Lemma span_below_u a x : span_below gen a x -> span_below gen a (u x).
Proof.
by case: (span_orbit_submodule (Z := [set q | (q.1 < a)%O]) (fun _ => id)) => _ [_ [_]]; apply.
Qed.

Lemma strat_submodule a : submodule u (strat a).
Proof. exact: span_orbit_submodule. Qed.

Lemma span_below_strat a : span_below gen a `<=` strat a.
Proof. by apply: span_fam_mono => q /= /ltW. Qed.

Lemma gen_strat a : strat a (gen a).
Proof. exact: (@span_fam_gen _ _ _ (orbit gen) [set q | (q.1 <= a)%O] (a, 0%N) (lexx a)). Qed.

Lemma small_letters o l : ~ (T l #<= words (letters_below R o))%card.
Proof.
case: o => [d|] /= h; first exact: small_segments h.
exact: small_segments k0 l (card_le_trans h (subset_card_le (words_mono (sub0set _)))).
Qed.

Definition tag_index (q : D * nat) : seq (nat + K) := inl q.2 :: inl q.1.2 :: q.1.1.

Lemma tag_index_inj : injective tag_index.
Proof. by move=> [[t1 n1] k1] [[t2 n2] k2] [-> -> ->]. Qed.

(* [span_below gen a] is spanned by fewer vectors than the rank of [u - l]. *)
Lemma range_not_below a l : ~ (forall x, span_below gen a (u x - l *: x)).
Proof.
move=> /card_range h; apply: (small_letters (o := max_letter R a.1) (l := l)).
apply: (card_le_trans h); apply: (card_le_trans _ (card_tagged_seqs_words _)).
apply: (card_tagged_seqs_le [::]).
apply: (card_le_inj_on _ (fun x y _ _ => @tag_index_inj x y)).
move=> q /= qa k; rewrite !in_cons /=.
exact: (word_le_words hR (index_le_word (ltW qa)) (k := k)).
Qed.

▸ WHAT THIS TASK INVOLVES
All the records, as written, must be given again.

▸ SOLUTION BELOW
Lemma span_below_u a x : span_below gen a x -> span_below gen a (u x).
Proof.
by case: (span_orbit_submodule (Z := [set q | (q.1 < a)%O]) (fun _ => id)) => _ [_ [_]]; apply.
Qed.

Lemma strat_submodule a : submodule u (strat a).
Proof. exact: span_orbit_submodule. Qed.

Lemma span_below_strat a : span_below gen a `<=` strat a.
Proof. by apply: span_fam_mono => q /= /ltW. Qed.

Lemma gen_strat a : strat a (gen a).
Proof. exact: (@span_fam_gen _ _ _ (orbit gen) [set q | (q.1 <= a)%O] (a, 0%N) (lexx a)). Qed.

Lemma small_letters o l : ~ (T l #<= words (letters_below R o))%card.
Proof.
case: o => [d|] /= h; first exact: small_segments h.
exact: small_segments k0 l (card_le_trans h (subset_card_le (words_mono (sub0set _)))).
Qed.

Definition tag_index (q : D * nat) : seq (nat + K) := inl q.2 :: inl q.1.2 :: q.1.1.

Lemma tag_index_inj : injective tag_index.
Proof. by move=> [[t1 n1] k1] [[t2 n2] k2] [-> -> ->]. Qed.

(* [span_below gen a] is spanned by fewer vectors than the rank of [u - l]. *)
Lemma range_not_below a l : ~ (forall x, span_below gen a (u x - l *: x)).
Proof.
move=> /card_range h; apply: (small_letters (o := max_letter R a.1) (l := l)).
apply: (card_le_trans h); apply: (card_le_trans _ (card_tagged_seqs_words _)).
apply: (card_tagged_seqs_le [::]).
apply: (card_le_inj_on _ (fun x y _ _ => @tag_index_inj x y)).
move=> q /= qa k; rewrite !in_cons /=.
exact: (word_le_words hR (index_le_word (ltW qa)) (k := k)).
Qed.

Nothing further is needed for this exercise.